Safe per-node capacity is the tightest applicable node limit.
The recommendation adds node-loss reserve after the base node count is known.
| Field | Calculation role | Boundary or caution |
|---|---|---|
| Planning reserve | Raises demand before node count is calculated. | Low reserve can hide reconnect storms and traffic spikes. |
| Memory utilization | Limits how much RAM is available to connection state. | Leaving headroom helps garbage collection and application work. |
| Network utilization | Caps egress below line rate before payload traffic is divided. | High values can ignore retransmits, TLS overhead, and noisy neighbors. |
| N+ reserve | Adds spare nodes after the base fleet size is calculated. | Current capacity is judged after those reserve nodes are removed. |
With the default chat and presence workload, 75,000 peak sockets and 25% reserve become 93,750 target sockets. The tested cap of 30,000 sockets per node is the limiting constraint, so the base requirement is 4 nodes and the N+1 recommendation is 5 nodes.
Accuracy Notes:
WebSocket capacity estimates depend on runtime behavior, kernel tuning, application memory layout, load balancer policy, and message fanout architecture. Treat the output as a sizing model that must be validated by soak tests and failure drills.
- Measure per-connection memory with representative authentication state, subscriptions, compression settings, and TLS termination.
- Include reconnect surges after deploys, regional failover, mobile network churn, and broker replay bursts in load tests.
- Check operating system limits such as file descriptors, ephemeral ports, TCP keepalive, and accept queue settings.
- Do not assume bandwidth capacity is symmetric. Outbound fanout often dominates inbound traffic for live update systems.
Worked Examples:
A Chat / presence fanout service with 75,000 peak sockets, 3 current nodes, and 30,000 tested sockets per node needs 5 recommended nodes under N+1 reserve. The current 3-node fleet only has 2 active capacity nodes after failover reserve, so the scale-out gap is 2 nodes.
A Market data tick stream may have fewer users but larger outbound message rates. In that case the bottleneck can move from tested connection cap to node egress, and adding RAM alone will not increase safe socket count.
An IoT telemetry dashboard with small payloads but many idle devices may be driven by file descriptors or memory. Raising descriptor limits without measuring per-connection memory can simply move the failure point.
FAQ:
Why is the tested cap still needed if memory and bandwidth are entered?

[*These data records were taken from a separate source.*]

Lemma altsum_of_inj f1 f2 : f1 setT = f2 setT ->
    (forall C, C \in cip S -> C != setT -> altsum_of f1 C = altsum_of f2 C) ->
  {in cip S, f1 =1 f2}.
Proof.
move=> f12T f12alt D; have [k] := ubnP #|~: D|; elim: k => // k IH in D *.
move=> Dk Dcip; have [-> // | DT] := eqVneq D setT.
have altsum_ofD f : altsum_of f D =
    f D + \sum_(I in powerset (parents S D) | I != set0) (-1) ^+ #|I| * f (DI S D I).
  have DI0 : DI S D set0 = D by rewrite /DI eqxx.
  by rewrite /altsum_of (bigD1 set0) ?powersetE ?sub0set // DI0 cards0 expr0 mul1r.
have := f12alt D Dcip DT; rewrite !altsum_ofD.
suff -> : \sum_(I in powerset (parents S D) | I != set0) (-1) ^+ #|I| * f1 (DI S D I) =
          \sum_(I in powerset (parents S D) | I != set0) (-1) ^+ #|I| * f2 (DI S D I).
  exact: addIr.
apply: eq_bigr => I /andP[]; rewrite powersetE => IP I0; rewrite IH ?DI_cip //.
by rewrite -ltnS (leq_trans _ Dk) // ltnS proper_card // properC DI_proper.
Qed.

End CladeIntersectionPoset.

Lemma card_pair n (p : pairT n) : 1 < #|val p|.
Proof. by rewrite (eqP (valP p)). Qed.

Section Cone.
Variables (R : realFieldType) (n : nat) (S : {set {set 'I_n}}).
Hypothesis S_setT : setT \in S.
Hypothesis S_card : forall C, C \in S -> 1 < #|C|.
Implicit Types (C D E : {set 'I_n}) (p q : pairT n) (d : pairT n -> R).
Local Open Scope ring_scope.

Lemma vCE C p : vC R C p = (val p \subset C)%:R.
Proof. by rewrite /vC; case: (_ \subset _). Qed.

Lemma altsumE d C : altsum S d C = altsum_of S (deltaC S d) C.
Proof. by []. Qed.

Lemma deltaC_lub d : (forall p q, cip_lub S (val p) = cip_lub S (val q) -> d p = d q) ->
  forall p, deltaC S d (cip_lub S (val p)) = d p.
Proof.
move=> d_lub p; rewrite /deltaC; case: pickP => [q /eqP/d_lub // | none].
by have := none p; rewrite eqxx.
Qed.

Lemma deltaC_eq d (f : {set 'I_n} -> R) :
    {in cip S, forall D, exists p, cip_lub S (val p) = D} ->
    (forall p, d p = f (cip_lub S (val p))) ->
  {in cip S, deltaC S d =1 f}.
Proof.
move=> pairs df D /pairs[p <-]; rewrite /deltaC; case: pickP => [q /eqP <- // | none].
by have := none p; rewrite eqxx.
Qed.

Lemma sum_cip_upper (g : {set 'I_n} -> R) D : {in cip S :\: S, forall E, g E = 0} ->
  \sum_(E in cip S | D \subset E) g E =
    g setT + \sum_(C in S :\ setT) g C * (D \subset C)%:R.
Proof.
move=> g0; rewrite (bigD1 setT) ?cip_setT ?subsetT //; congr (_ + _).
rewrite [LHS]big_mkcond [RHS]big_mkcond; apply: eq_bigr => E _.
rewrite in_setD1 andbC; have [ES | notES] := boolP (E \in S).
  by rewrite mem_cip //=; case: (E == setT); case: (D \subset E); rewrite ?mulr1 ?mulr0.
rewrite andbF; have [Ecip | _] := boolP (E \in cip S); last by rewrite /= andbF.
by rewrite g0 ?in_setD ?Ecip ?notES //; case: ifP.
Qed.

Lemma lub_pairP p : cip_lub S (val p) \in cip S /\
  forall E, E \in cip S -> (cip_lub S (val p) \subset E) = (val p \subset E).
Proof. exact: cip_lubP (card_pair p). Qed.

Theorem in_K_F_system d : {in cip S, forall D, exists p, cip_lub S (val p) = D} ->
  in_K S d -> F_system S d.
Proof.
move=> pairs [lam [mu [mu_ge0 dE]]].
pose g E := if E == setT then lam else if E \in S then - mu E else 0.
pose f D := \sum_(E in cip S | D \subset E) g E.
have g0 : {in cip S :\: S, forall E, g E = 0}.
  move=> E /setDP[_ ES]; rewrite /g (negPf ES); case: eqP => // ET.
  by rewrite ET S_setT in ES.
have df p : d p = f (cip_lub S (val p)).
  have [_ lub_subE] := lub_pairP p.
  rewrite dE /f sum_cip_upper // /g eqxx -sumrN; congr (_ + _); apply: eq_bigr => C.
  by rewrite in_setD1 => /andP[CT CS]; rewrite (negPf CT) CS lub_subE ?mem_cip // vCE mulNr.
have alt_g C : C \in cip S -> altsum S d C = g C.
  move=> Ccip; rewrite altsumE (eq_altsum_of S_setT S_card Ccip (deltaC_eq pairs df)).
  exact: altsum_of_upper.
split.
- by move=> p q pq; rewrite !df pq.
- move=> C CS; have /setD1P[CT CinS] := CS.
  by rewrite alt_g ?mem_cip // /g (negPf CT) CinS oppr_le0 mu_ge0.
- by move=> C /setDP[Ccip CS]; rewrite alt_g // g0 // inE CS.
Qed.

Theorem F_system_in_K d : F_system S d -> in_K S d.
Proof.
move=> [d_lub alt_le0 alt0].
pose h E := if E == setT then deltaC S d setT else altsum S d E.
pose f D := \sum_(E in cip S | D \subset E) h E.
have h0 : {in cip S :\: S, forall E, h E = 0}.
  move=> E EcipS; have /setDP[_ ES] := EcipS; rewrite /h; case: eqP => [ET | _].
    by rewrite ET S_setT in ES.
  exact: alt0.
have deltaC_f : {in cip S, deltaC S d =1 f}.
  apply: (altsum_of_inj S_setT S_card) => [|C Ccip CT].
    rewrite /f sum_cip_upper // big1 ?addr0 => [|C]; first by rewrite /h eqxx.
    by rewrite in_setD1 subTset => /andP[/negPf-> _]; rewrite mulr0.
  by rewrite altsum_of_upper // /h (negPf CT).
exists (deltaC S d setT), (fun C => - altsum S d C); split.
  by move=> C CS; rewrite oppr_ge0 alt_le0.
move=> p; have [lub_cip lub_subE] := lub_pairP p.
rewrite -(deltaC_lub d_lub) deltaC_f // /f sum_cip_upper // /h eqxx -sumrN.
congr (_ + _); apply: eq_bigr => C; rewrite in_setD1 => /andP[CT CS].
by rewrite (negPf CT) lub_subE ?mem_cip // vCE mulNr opprK.
Qed.

End Cone.

Section Laminar.
Variable n : nat.
Implicit Types (A D X Y : {set 'I_n}) (F : {set {set 'I_n}}).

Definition laminar F :=
  {in F &, forall X Y, ~~ [disjoint X & Y] -> (X \subset Y) || (Y \subset X)}.

Lemma laminar_meet F X Y i : laminar F -> X \in F -> Y \in F ->
  i \in X -> i \in Y -> (X \subset Y) || (Y \subset X).
Proof.
move=> lamF XF YF iX iY; apply: lamF => //.
by apply/negP => /disjointFr/(_ iX); rewrite iY.
Qed.

Definition same_block F A : rel 'I_n :=
  fun x y => (x == y) || [exists X in F, [&& X \proper A, x \in X & y \in X]].

Lemma same_block_sym F A : symmetric (same_block F A).
Proof.
move=> x y; rewrite /same_block eq_sym; congr (_ || _).
by apply: eq_existsb => X; rewrite [(x \in X) && _]andbC.
Qed.

Lemma same_block_trans F A : laminar F -> transitive (same_block F A).
Proof.
move=> lamF y x z /orP[/eqP-> // | /exists_inP[X XF /and3P[XA xX yX]]].
case/orP=> [/eqP<- | /exists_inP[Y YF /and3P[YA yY zY]]]; apply/orP; right; apply/exists_inP.
  by exists X; rewrite // XA xX.
case/orP: (laminar_meet lamF XF YF yX yY) => [XY | YX].
  by exists Y; rewrite // YA (subsetP XY _ xX).
by exists X; rewrite // XA xX (subsetP YX _ zY).
Qed.

Lemma minimal_cover F D : setT \in F -> laminar F -> D != set0 ->
  exists2 A, A \in F & D \subset A /\ forall X, X \in F -> D \subset X -> A \subset X.
Proof.
move=> FT lamF /set0Pn[x xD].
pose covers X := (X \in F) && (D \subset X).
have coverT : covers setT by rewrite /covers FT subsetT.
have [A /andP[AF DA] Amin] := arg_minnP (fun X : {set 'I_n} => #|X|) coverT.
exists A => //; split=> // X XF DX.
have [// | XA] := orP (laminar_meet lamF AF XF (subsetP DA _ xD) (subsetP DX _ xD)).
by rewrite (_ : X = A) //; apply/eqP; rewrite eqEcard XA Amin // /covers XF.
Qed.

Lemma split_pair F D A : laminar F -> 1 < #|D| -> D \subset A ->
    (forall X, X \in F -> D \subset X -> A \subset X) ->
  exists x y, [/\ x \in D, y \in D & ~~ same_block F A x y].
Proof.
move=> lamF D2 DA Amin.
have [/forall_inP all_same | ] := boolP [forall x in D, forall y in D, same_block F A x y];
  last by move=> /forall_inPn[x xD /forall_inPn[y yD nxy]]; exists x, y.
have [i [j [iD jD ij]]] := card_gt1P D2.
have block_i y : y \in D -> y != i ->
    exists2 X, X \in F & [&& X \proper A, i \in X & y \in X].
  move=> yD yi; have := forall_inP (all_same i iD) y yD.
  by rewrite /same_block eq_sym (negPf yi) => /exists_inP.
pose inner X := [&& X \in F, X \proper A & i \in X].
have [X0 X0F /and3P[X0A iX0 _]] : exists2 X, X \in F & [&& X \proper A, i \in X & j \in X].
  by apply: block_i; rewrite // eq_sym.
have X0inner : inner X0 by rewrite /inner X0F X0A iX0.
have [M /and3P[MF MA iM] Mmax] := arg_maxnP (fun X : {set 'I_n} => #|X|) X0inner.
suff DM : D \subset M by have := proper_sub_trans MA (Amin M MF DM); rewrite properxx.
apply/subsetP => y yD; have [-> // | yi] := eqVneq y i.
have [X XF /and3P[XA iX yX]] := block_i y yD yi.
case/orP: (laminar_meet lamF MF XF iM iX) => [MX | XM]; last exact: subsetP XM _ yX.
rewrite (_ : M = X) //; apply/eqP; rewrite eqEcard MX.
by apply: Mmax; rewrite /inner XF XA iX.
Qed.

Lemma split_pair_cover F A D X i j : laminar F -> A \in F -> D \subset A -> i \in D ->
  X \in F -> i \in X -> j \in X -> ~~ same_block F A i j -> D \subset X.
Proof.
move=> lamF AF DA iD XF iX jX nij.
have [XA | AX] := orP (laminar_meet lamF XF AF iX (subsetP DA _ iD)); last first.
  exact: subset_trans DA AX.
suff -> : X = A by [].
apply/eqP; apply: contraNT nij => XnA; apply/orP; right; apply/exists_inP.
by exists X; rewrite // properEneq XnA XA iX jX.
Qed.

Lemma cip_pair_lub (S1 S2 : {set {set 'I_n}}) D :
    setT \in S1 -> setT \in S2 -> laminar S1 -> laminar S2 ->
    (forall C, C \in S1 :|: S2 -> 1 < #|C|) -> D \in cip (S1 :|: S2) ->
  exists p : pairT n, cip_lub (S1 :|: S2) (val p) = D.
Proof.
move=> T1 T2 lam1 lam2 S_card Dcip; have ST : setT \in S1 :|: S2 by rewrite inE T1.
have D2 := cip_card S_card Dcip; have D0 : D != set0 by rewrite -card_gt0 ltnW.
have [A AS1 [DA Amin]] := minimal_cover T1 lam1 D0.
have [B BS2 [DB Bmin]] := minimal_cover T2 lam2 D0.
have [x1 [y1 [x1D y1D n1]]] := split_pair lam1 D2 DA Amin.
have [x2 [y2 [x2D y2D n2]]] := split_pair lam2 D2 DB Bmin.
have [i [j [iD jD nij1 nij2]]] := exists_unrelated2 (P := fun x => x \in D)
  (same_block_sym S1 A) (same_block_trans (A := A) lam1) (same_block_sym S2 B)
  (same_block_trans (A := B) lam2) x1D y1D x2D y2D n1 n2.
have ij : i != j by apply: contra nij1 => /eqP->; rewrite /same_block eqxx.
have ij2 : #|[set i; j]| == 2 by rewrite cards2 ij.
exists (Sub [set i; j] ij2 : pairT n) => /=.
have [lub_cip lub_subE] := cip_lubP ST (card_pair (Sub [set i; j] ij2 : pairT n)).
apply/eqP; rewrite eqEsubset lub_subE // subUset !sub1set iD jD /=.
have := subxx (cip_lub (S1 :|: S2) [set i; j]); rewrite lub_subE // subUset !sub1set.
case/andP=> iL jL; have [F FS Fcap] := cip_bigcap lub_cip; rewrite Fcap in iL jL *.
apply/bigcapsP => X XF; have /bigcapP/(_ X XF) iX := iL; have /bigcapP/(_ X XF) jX := jL.
have /setUP[XS1 | XS2] := subsetP FS _ XF.
  exact: split_pair_cover lam1 AS1 DA iD XS1 iX jX nij1.
exact: split_pair_cover lam2 BS2 DB iD XS2 iX jX nij2.
Qed.

End Laminar.

Section Trees.
Variable n : nat.
Implicit Types (t : rtree n) (ts : seq (rtree n)).
Implicit Types (U V : {set 'I_n}) (F G : {set {set 'I_n}}).

Fixpoint rtree_nested_ind (P : rtree n -> Prop) (P_leaf : forall i, P (Leaf i))
    (P_node : forall ts, (forall t, List.In t ts -> P t) -> P (Node ts)) t : P t :=
  match t with
  | Leaf i => P_leaf i
  | Node ts => P_node ts ((fix all_P ts : forall t, List.In t ts -> P t :=
      match ts with
      | [::] => fun t no_t => False_ind _ no_t
      | t' :: ts' => fun t t_in =>
          match t_in with
          | or_introl t'_t => eq_ind t' P (rtree_nested_ind P_leaf P_node t') t t'_t
          | or_intror t_in' => all_P ts' t t_in'
          end
      end) ts)
  end.

Definition hierarchy U F :=
  laminar F /\ forall C, C \in F -> C \subset U /\ 1 < #|C|.

Lemma hierarchy0 U : hierarchy U set0.
Proof. by split=> [X Y | C]; rewrite inE. Qed.

Lemma hierarchyU U V F G : [disjoint U & V] -> hierarchy U F -> hierarchy V G ->
  hierarchy (U :|: V) (F :|: G).
Proof.
move=> UV [lamF subF] [lamG subG].
have disjFG X Y : X \in F -> Y \in G -> [disjoint X & Y].
  by move=> /subF[XU _] /subG[YV _]; exact: disjointW XU YV UV.
split=> [X Y | C]; last first.
  by case/setUP=> [/subF | /subG] [CU C2]; rewrite C2 (subset_trans CU) // ?subsetUl ?subsetUr.
case/setUP=> [XF | XG] /setUP[YF | YG] XY; first exact: lamF.
- by case/negP: XY; exact: disjFG.
- by case/negP: XY; rewrite disjoint_sym; exact: disjFG.
- exact: lamG.
Qed.

Lemma hierarchyU1 U F : 1 < #|U| -> hierarchy U F -> hierarchy U (U |: F).
Proof.
move=> U2 [lamF subF]; split=> [X Y | C]; last by case/setU1P=> [-> | /subF].
case/setU1P=> [-> | XF] /setU1P[-> | YF]; rewrite ?subxx //.
- by have [YU _] := subF Y YF; rewrite YU orbT.
- by have [XU _] := subF X XF; rewrite XU.
- exact: lamF.
Qed.

Lemma leaves_nonempty t : wf_tree t -> leaves t != [::].
Proof.
elim/rtree_nested_ind: t => [// | [|t ts] IH //= /andP[_ /andP[wf_t _]]].
by rewrite -size_eq0 size_cat addn_eq0 size_eq0 negb_and (IH t) ?wf_t //; left.
Qed.

Lemma card_leaves_node ts : wf_tree (Node ts) -> uniq (leaves (Node ts)) ->
  1 < #|[set:: leaves (Node ts)]|.
Proof.
rewrite cardsE => /andP[ts2 wf_ts] /card_uniqP->.
case: ts ts2 wf_ts => [|t1 [|t2 ts]] //= _ /and3P[wf1 wf2 _]; rewrite !size_cat.
move: (leaves_nonempty wf1) (leaves_nonempty wf2).
case: (leaves t1) => [|a1 l1] // _; case: (leaves t2) => [|a2 l2] // _.
by rewrite /= addSn ltnS addnS.
Qed.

The tested cap captures real runtime limits such as event loop behavior, garbage collection, framework overhead, and load balancer behavior that simple resource math may miss.

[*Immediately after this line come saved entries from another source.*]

(* In the isotropic setting below, let $F\in\mathrm{GL}^+(3)$ be fixed and $t\mapsto C_p(t)\in\mathrm{PSym}(3)$ be differentiable with $$\frac{d}{dt}[C_p]=\lambda(t)\,\frac{\mathrm{dev}_3\widetilde\Sigma}{\varphi}\,C_p,\qquad \lambda(t)\ge0,\quad \varphi:=\sqrt{\mathrm{tr}[(\mathrm{dev}_3\widetilde\Sigma)^2]}>0,$$ where $\widetilde\Sigma$ and $\varphi$ are evaluated at $(C,C_p(t))$. Then $\frac{d}{dt}[C_p]$ is symmetric, $\det C_p(t)$ is constant in $t$, and $$\frac{d}{dt}\widetilde W\big(CC_p^{-1}(t)\big)=-\frac{\lambda(t)}{2}\,\varphi=-\frac{\lambda(t)}{2}\,\big\|\mathrm{dev}_3\big(U_p^{-1}\widetilde\Sigma\,U_p\big)\big\|\le0,\qquad U_p=\sqrt{C_p(t)}.$$
   Context: $W$ objective and isotropic, written $W(F_e)=\Psi(I_1(C_e),I_2(C_e),I_3(C_e))$ with $\Psi\in C^1$; $\widetilde W(X)=\Psi(\mathrm{tr}X,\mathrm{tr}(\mathrm{Cof}X),\det X)$. $C=F^TF$. $\langle X,Y\rangle=\mathrm{tr}(XY^T)$, $\|\cdot\|$ Frobenius norm, $D$ gradient, $\mathrm{dev}_3X=X-\frac13\mathrm{tr}(X)\mathbb{1}$. $\widetilde\Sigma:=2\,C\,D\widetilde W(CC_p^{-1})\,C_p^{-1}$. *)

From Stdlib Require Import Reals.
Open Scope R_scope.

(* 3x3 real matrices, represented as functions of indices; only indices
   0,1,2 are meaningful. *)
Definition Mat := nat -> nat -> R.
Definition Vec := nat -> R.

Definition meq (A B : Mat) : Prop :=
  forall i j, (i < 3)%nat -> (j < 3)%nat -> A i j = B i j.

Should N+ reserve be included before or after node sizing?
The model sizes the active fleet first, then adds reserve nodes. Current failover capacity is evaluated after removing the reserve node count from the active pool.
What if bandwidth capacity shows infinity?
That means the entered outbound message rate or payload size is zero, so bandwidth is not a finite constraint in the model. Use realistic traffic values for push-heavy systems.
Can this size a globally distributed WebSocket service?
Use it per region or per shard. Global designs also need traffic steering, regional failover assumptions, session affinity, and message broker replication capacity.
Glossary:
- WebSocket
- A persistent, full-duplex connection that starts with an HTTP upgrade and then carries framed messages.
- Fanout
- Sending one event to many connected clients, often the main outbound bandwidth driver.
- Descriptor
- An operating system handle used for files, sockets, and related resources.
- Soak test
- A long-running load test that exposes leaks, churn, garbage collection, and slow resource growth.
- N+ reserve
- Extra node capacity held aside so the service can survive one or more node losses.